Paul mentions 2 ways this can happen.
The first is “feeling useless or unimportant
15 If the foot should say, “Because I’m not a hand, I don’t belong to the body,” it is not for that reason any less a part of the body. 16 And if the ear should say, “Because I’m not an eye, I don’t belong to the body,” it is not for that reason any less a part of the body. 17 If the whole body were an eye, where would the hearing be? If the whole body were an ear, where would the sense of smell be? 18 But as it is, God has arranged each one of the parts in the body just as he wanted.
It is common for people to feel like they have nothing to contribute because there particular gifts, talent, interests, or personality just doesn’t stand out like someone else’s.
You might feel that at school, on a team, at home, or in church.
But Paul is saying EVERYONE MATTERS.
Regardless of what area we are talking about, you play an important role even if you are the upfront person.

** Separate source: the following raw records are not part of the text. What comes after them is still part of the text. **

Lemma ml_error_union_bound y :
  lik eps 0 y * (ml_error y)%:R
  <= lik eps 0 y * \sum_(d | (d \in C) && (d != 0)) (llr_nonpos (type_on (supp d) y))%:R.
Proof.
have [->|lik0_neq0] := eqVneq (lik eps 0 y) 0; first by rewrite !mul0r.
rewrite ler_wpM2l ?lik_ge0 // /ml_error.
case: existsP => [[d /and3P[dC d_neq0 le]]|_]; last first.
  by rewrite sumr_ge0 // => d _; exact: ler0n.
rewrite (bigD1 d) ?dC ?d_neq0 //= llr_nonpos_of_lik_le // lerDl.
by rewrite sumr_ge0 // => d' _; exact: ler0n.
Qed.

Definition pair_count l w : R :=
  \sum_(mu : {ffun Yout M -> 'I_n.+1} |
         [&& (\sum_j (mu j : nat) == w)%N, [forall j, (mu j <= l j)%N] & llr_nonpos mu])
     multinom R w (fun j => mu j : nat) * multinom R (n - w) (fun j => l j - mu j)%N.

Lemma pair_count_ge0 l w : 0 <= pair_count l w.
Proof. by apply: sumr_ge0 => mu _; rewrite mulr_ge0 ?multinom_ge0. Qed.

Lemma card_type_class_llr l d :
  (\sum_j l j)%N = n ->
  \sum_(y | type_of y == l) (llr_nonpos (type_on (supp d) y))%:R = pair_count l (hwt d).
Proof.
move=> sum_l.
rewrite (eq_bigr (fun y => if llr_nonpos (type_on (supp d) y) then 1 else 0)) => [|y _];
  last by case: llr_nonpos.
rewrite -big_mkcondr /= (partition_big (type_on (supp d)) (fun mu =>
    [&& (\sum_j (mu j : nat) == hwt d)%N, [forall j, (mu j <= l j)%N] & llr_nonpos mu]))
  => [|y /andP[/eqP type_y llr_y]]; last first.
  rewrite sum_type_on -hwt_supp eqxx llr_y andbT /=.
  by apply/forallP => j; rewrite -type_y !type_onE cnt_andb_le.
apply: eq_bigr => mu /and3P[/eqP sum_mu /forallP mu_le_l llr_mu].
rewrite hwt_supp in sum_mu *; rewrite -card_type_on_class //.
apply: eq_bigl => y.
by case: (type_on _ y =P mu) => [->|_]; rewrite ?andbF // llr_mu !andbT.
Qed.

Lemma sum_codewords_by_weight_le dmin (F : nat -> R) :
  is_dmin C dmin -> (forall w, 0 <= F w) ->
  \sum_(d | (d \in C) && (d != 0)) F (hwt d)
  <= \sum_(dmin <= w < n.+1) (wdist C w)%:R * F w.
Proof.
move=> [_ dmin_le] F_ge0.
have F_hwt d : (d \in C) && (d != 0) ->
    F (hwt d) = \sum_(dmin <= w < n.+1) (hwt d == w)%:R * F w.
  case/andP => dC d_neq0.
  rewrite (eq_bigr (fun w => if w == hwt d then F w else 0)) => [|w _]; last first.
    by rewrite eq_sym; case: eqP; rewrite ?mul1r ?mul0r.
  rewrite -big_mkcond big_nat1_eq ifT //.
  by rewrite -hdist0 dmin_le ?mem0v //= ltnS hdist0 hwt_supp cnt_le.
rewrite (eq_bigr _ F_hwt) exchange_big /=; apply: ler_sum => w _.
rewrite -big_distrl /= ler_wpM2r // -natr_sum ler_nat.
rewrite (eq_bigr (fun d => if hwt d == w then 1%N else 0%N)) => [|d _]; last by case: (_ == _).
rewrite -big_mkcondr sum1dep_card /wdist subset_leq_card //.
by apply/subsetP => d; rewrite !inE => /andP[/andP[-> _] ->].
Qed.

Lemma type_class_error_le dmin l :
  is_dmin C dmin -> (\sum_j l j)%N = n ->
  \sum_(y | type_of y == l) lik eps 0 y * (ml_error y)%:R
  <= (\prod_j eps 0 j ^+ l j) *
     Num.min (\sum_(dmin <= w < n.+1) (wdist C w)%:R * pair_count l w)
             (multinom R n (fun j => l j)).
Proof.
move=> dminC sum_l; set E := \prod_j _.
have E_ge0 : 0 <= E by apply: prodr_ge0 => j _; exact: exprn_ge0.
have lik_class y : type_of y == l -> lik eps 0 y = E.
  by move/eqP => type_y; rewrite /E -type_y; exact: lik0_type_of.
rewrite minr_pMr // le_min; apply/andP; split.
  apply: (@le_trans _ _ (E * \sum_(y | type_of y == l)
      \sum_(d | (d \in C) && (d != 0)) (llr_nonpos (type_on (supp d) y))%:R)).
    rewrite big_distrr /=; apply: ler_sum => y type_y.
    by rewrite -(lik_class y type_y) ml_error_union_bound.
  rewrite ler_wpM2l // exchange_big /=.
  under eq_bigr do rewrite card_type_class_llr //.
  exact: sum_codewords_by_weight_le (pair_count_ge0 l).
rewrite -card_type_class // big_distrr /=; apply: ler_sum => y type_y.
by rewrite lik_class // ler_wpM2l // lern1 leq_b1.
Qed.

End Channel.

Theorem theorem1 (R : realFieldType) (M n : nat) (eps : 'F_2 -> Yout M -> R)
    (C : {vspace 'rV['F_2]_n}) (dmin : nat) :
  (1 <= M)%N ->
  (forall x y, 0 <= eps x y) ->
  (forall x, \sum_(y : Yout M) eps x y = 1) ->
  (forall y, eps 1 y = eps 0 (rev_ord y)) ->
  is_dmin C dmin ->
  forall c, c \in C -> Perr eps C c <= bound eps C dmin.
Proof.
move=> _ eps_ge0 _ eps_sym dminC c cC.
rewrite (Perr_translate eps_sym cC) Perr0E.
rewrite (partition_big (@type_of _ n) (fun l => (\sum_j (l j : nat) == n)%N)) => [|y _];
  last by rewrite sum_type_of.
by apply: ler_sum => l /eqP sum_l; exact: type_class_error_le.
Qed.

We all have value and purpose, so don’t lose sight of that and down let that discourage you from getting involved.
We also have the tendency to think of certain roles as not that important.

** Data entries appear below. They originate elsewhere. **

(* Write d_M = g - h with g, h convex.  At a point z of E_M with unit tangent u
   the tangent cone is the ray R_+ u, so d_M grows at least like t <q, w> - o(t)
   along z + t w whenever |q| <= 1 and <q, u> <= 0; hence c + q is a subgradient
   of g at z for every subgradient c of h at z.  For distinct x, y in E_M take
   q = s/8 - u/2 with s the sign vector of y - x: monotonicity of the
   subdifferential of g then forces e(x) = c(x) - u(x)/2 and e(y) to be at
   max-distance at least 1/4.  Since subgradients of h are locally bounded, e is
   locally bounded on E_M, and Bolzano-Weierstrass rules out an accumulation
   point of E_M. *)
From mathcomp Require Import all_boot all_order all_algebra.
From mathcomp Require Import all_classical all_reals all_analysis.
From mathcomp Require Import ring lra.
Set Implicit Arguments. Unset Strict Implicit. Unset Printing Implicit Defensive.
Import Order.TTheory GRing.Theory Num.Theory.
Import numFieldNormedType.Exports.
Local Open Scope classical_set_scope.
Local Open Scope ring_scope.

Section Plane.
Variable R : realType.
Local Notation pt := (pt R).
Local Notation S1 := (@S1 R).
Implicit Types (M : set pt) (p q u w x y z : pt).

Definition dotp p q : R := p.1 * q.1 + p.2 * q.2.

Lemma ptP p q : p.1 = q.1 -> p.2 = q.2 -> p = q.
Proof. by case: p q => [? ?] [? ?] /= -> ->. Qed.

Lemma ptE_add p q : p + q = (p.1 + q.1, p.2 + q.2). Proof. by []. Qed.
Lemma ptE_opp p : - p = (- p.1, - p.2). Proof. by []. Qed.
Lemma ptE_scale k p : k *: p = (k * p.1, k * p.2). Proof. by []. Qed.
Definition ptE := (ptE_add, ptE_opp, ptE_scale).

Lemma dotpC p q : dotp p q = dotp q p.
Proof. by rewrite /dotp mulrC [p.2 * _]mulrC. Qed.

Lemma dotpDr p q w : dotp p (q + w) = dotp p q + dotp p w.
Proof. by rewrite /dotp !ptE /=; ring. Qed.

Lemma dotpBr p q w : dotp p (q - w) = dotp p q - dotp p w.
Proof. by rewrite /dotp !ptE /=; ring. Qed.

Lemma dotpZr k p q : dotp p (k *: q) = k * dotp p q.
Proof. by rewrite /dotp !ptE /=; ring. Qed.

Lemma dotp_le_norm p q : dotp p q <= `|p| * (`|q.1| + `|q.2|).
Proof.
rewrite /dotp mulrDr; apply: lerD; apply: le_trans (ler_norm _) _;
  by rewrite normrM ler_wpM2r // prod_normE le_max lexx ?orbT.
Qed.

Lemma dotp_cvg (s : nat -> pt) q l :
  s @ \oo --> l -> (fun n => dotp q (s n)) @ \oo --> dotp q l.
Proof.
move=> sl; apply: cvgD; apply: cvgM (cvg_cst _) _; apply: cvg_comp sl _.
  exact: cvg_fst.
exact: cvg_snd.
Qed.

Lemma sqr_enorm p : enorm p ^+ 2 = dotp p p.
Proof. by rewrite sqr_sqrtr ?addr_ge0 ?sqr_ge0 // /dotp !expr2. Qed.

Lemma enorm_ge0 p : 0 <= enorm p.
Proof. exact: sqrtr_ge0. Qed.

Lemma enorm_eq0 p : (enorm p == 0) = (p == 0).
Proof.
rewrite sqrtr_eq0 le_eqVlt ltNge addr_ge0 ?sqr_ge0 // orbF paddr_eq0 ?sqr_ge0 //.
by rewrite !sqrf_eq0; case: p.
Qed.

Lemma enormZ k p : enorm (k *: p) = `|k| * enorm p.
Proof.
by rewrite /enorm /= !exprMn -mulrDr sqrtrM ?sqr_ge0 // sqrtr_sqr.
Qed.

Lemma normr_le_enorm p : `|p| <= enorm p.
Proof.
rewrite prod_normE ge_max -!sqrtr_sqr !ler_sqrt ?addr_ge0 ?sqr_ge0 //.
by rewrite lerDl lerDr !sqr_ge0.
Qed.

Lemma dotp_le_enorm p q : dotp p q <= enorm p * enorm q.
Proof.
rewrite -sqrtrM ?addr_ge0 ?sqr_ge0 //; apply: le_trans (ler_norm _) _.
rewrite -sqrtr_sqr ler_sqrt ?mulr_ge0 ?addr_ge0 ?sqr_ge0 // /dotp.
by have := sqr_ge0 (p.1 * q.2 - p.2 * q.1); nra.
Qed.

Lemma S1E u : S1 u <-> enorm u = 1.
Proof.
rewrite /S1 /enorm /=; split=> [->|u1]; first exact: sqrtr1.
by rewrite -[LHS]sqr_sqrtr ?addr_ge0 ?sqr_ge0 // u1 expr1n.
Qed.

Lemma distA_le M x m : M m -> distA M x <= enorm (x - m).
Proof.
move=> Mm; apply: ge_inf; last by exists m.
by exists 0 => _ [a _ <-]; exact: enorm_ge0.
Qed.

Lemma distA_eq0 M z : M z -> distA M z = 0.
Proof.
move=> Mz; apply/eqP; rewrite eq_le.
rewrite (le_trans (distA_le z Mz)) /=; last by rewrite subrr /enorm /= expr0n addr0 sqrtr0.
apply: lb_le_inf; first by exists (enorm (z - z)), z.
by move=> _ [a _ <-]; exact: enorm_ge0.
Qed.

Lemma distA_ltP M x c : M !=set0 -> distA M x < c ->
  exists2 m, M m & enorm (x - m) < c.
Proof.
move=> [m0 Mm0] /inf_lt[]; first by exists (enorm (x - m0)), m0.
by move=> _ [m Mm <-]; exists m.
Qed.

Lemma TanZ M z l k : 0 < k -> Tan M z l -> Tan M z (k *: l).
Proof.
move=> k0 [r [s [r0 [Ms [sz rl]]]]].
exists (fun i => k * r i), s; split; first by move=> i; exact: mulr_gt0.
do 2!split => //.
have -> : (fun i => (k * r i) *: (s i - z)) = (fun i => k *: (r i *: (s i - z))).
  by apply/funext => i; rewrite scalerA.
exact: cvgZ (cvg_cst _) rl.
Qed.

Lemma Tan_lim M z (r : nat -> R) (s : nat -> pt) l :
  (forall i, 0 < r i) -> (fun i => (r i)^-1) @ \oo --> 0 -> (forall i, M (s i)) ->
  (fun i => r i *: (s i - z)) @ \oo --> l -> Tan M z l.
Proof.
move=> r0 r_oo Ms rl; exists r, s; do 3!split => //.
have -> : s = (fun i => z + (r i)^-1 *: (r i *: (s i - z))).
  apply/funext => i; rewrite scalerA mulVf ?gt_eqF // scale1r.
  by rewrite addrC subrK.
rewrite -[X in _ --> X]addr0 -(scale0r l).
exact: cvgD (cvg_cst _) (cvgZ r_oo rl).
Qed.

Lemma Tan_ray M z u l : Tan M z `&` S1 = [set u] -> Tan M z l -> l = enorm l *: u.
Proof.
move=> TanS1 Tl; have [l0|l0] := eqVneq (enorm l) 0.
  by rewrite l0 scale0r; apply/eqP; rewrite -enorm_eq0 l0.
have n0 : 0 < enorm l by rewrite lt_def l0 enorm_ge0.
have : (Tan M z `&` S1) ((enorm l)^-1 *: l).
  split; first by apply: TanZ; rewrite ?invr_gt0.
  by apply/S1E; rewrite enormZ ger0_norm ?invr_ge0 ?enorm_ge0 // mulVf.
by rewrite TanS1 => <-; rewrite scalerA mulfV // scale1r.
Qed.

Lemma cvg_subseq (T : topologicalType) (s : nat -> T) (l : T) (f : nat -> nat) :
  increasing_seq f -> s @ \oo --> l -> (s \o f) @ \oo --> l.
Proof.
move=> /increasing_seqP f_incr sl; apply: cvg_comp sl.
move=> P [N _ NP]; exists N => // n /= Nn; apply: NP => /=.
have f_ge n' : (n' <= f n')%N by elim: n' => // n' IH; exact: leq_ltn_trans IH (f_incr n').
exact: leq_trans Nn (f_ge n).
Qed.

Lemma bounded_fun_le (s : nat -> R) B : (forall n, `|s n| <= B) -> bounded_fun s.
Proof.
move=> sB; rewrite /bounded_fun /bounded_near; near=> K => n _; apply: le_trans (sB n) _.
by near: K; apply: nbhs_pinfty_ge; rewrite num_real.
Unshelve. all: end_near. Qed.

Lemma bolzano_weierstrass_pt (s : nat -> pt) B : (forall n, `|s n| <= B) ->
  exists f, exists2 l : pt, increasing_seq f & (s \o f) @ \oo --> l.
Proof.
move=> sB; have sB' n : `|(s n).1| <= B /\ `|(s n).2| <= B.
  by have := sB n; rewrite prod_normE ge_max => /andP[].
have [f1 f1_incr /cvg_ex[l1 s1l]] := bolzano_weierstrass
  (bounded_fun_le (fun n => (sB' n).1)).
have [f2 f2_incr /cvg_ex[l2 s2l]] := bolzano_weierstrass
  (bounded_fun_le (fun n => (sB' (f1 n)).2)).
exists (f1 \o f2), (l1, l2); first by move=> m n /=; rewrite f1_incr; exact: f2_incr.
have -> : s \o (f1 \o f2) = (fun n => ((s (f1 (f2 n))).1, (s (f1 (f2 n))).2)).
  by apply/funext => n /=; case: (s _).
exact: cvg_pair (cvg_subseq f2_incr s1l) s2l.
Qed.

I would imagine on a baseball team, if you play right field for a whole game and never get a ball hit to you, it might feel like you were unnecessary, but that would be wrong.
In church, it might seem like someone greeting in the parking lot wouldn’t be all that important, but studies show the sooner someone feels welcomed at church, the more likely they are to come again.
Everyone matters and every role matters.
The Second disorder is “the feeling of self sufficiency”:
19 And if they were all the same part, where would the body be? 20 As it is, there are many parts, but one body. 21 The eye cannot say to the hand, “I don’t need you!” Or again, the head can’t say to the feet, “I don’t need you!” 22 On the contrary, those parts of the body that are weaker are indispensable. 23 And those parts of the body that we consider less honorable, we clothe these with greater honor, and our unrespectable parts are treated with greater respect, 24 which our respectable parts do not need.
Instead, God has put the body together, giving greater honor to the less honorable, 25 so that there would be no division in the body, but that the members would have the same concern for each other. 26 So if one member suffers, all the members suffer with it; if one member is honored, all the members rejoice with it.
What we are doing here matters. What we do on Sundays matters. It matters to our growth as Christians that we are serving, using our gifts, and connecting with one another.
Paul paints a ridiculous picture of a disembodied eye or a decapitated head saying to the rest of the body “I don’t need you.”
It is ridiculous because those things cannot exist without one another.
They are codependent.
This is a great analogy because it is how we function as well.
We need one another and when we try to live our lives as if we don’t need anyone else, we become pretty miserable people.
One of the most effective ways to overcome depression, addiction, or many other struggles we deal with is by serving others and being in community with others.
Individuality is celebrated in our culture. The idea that I can take care of myself and don’t need anyone.
But it is a misconception. We are dependent on others regardless of how individual we might feel.
And when we are only focused on ourselves, we become really miserable people.
God put the body together so that we could have unity and the we would be able to help one another in our trials and celebrate with one another in our successes.
This is what it means to be a part of God’s Church.
So lean in to relationships, find a place to serve, and fight against those aliments/disorders.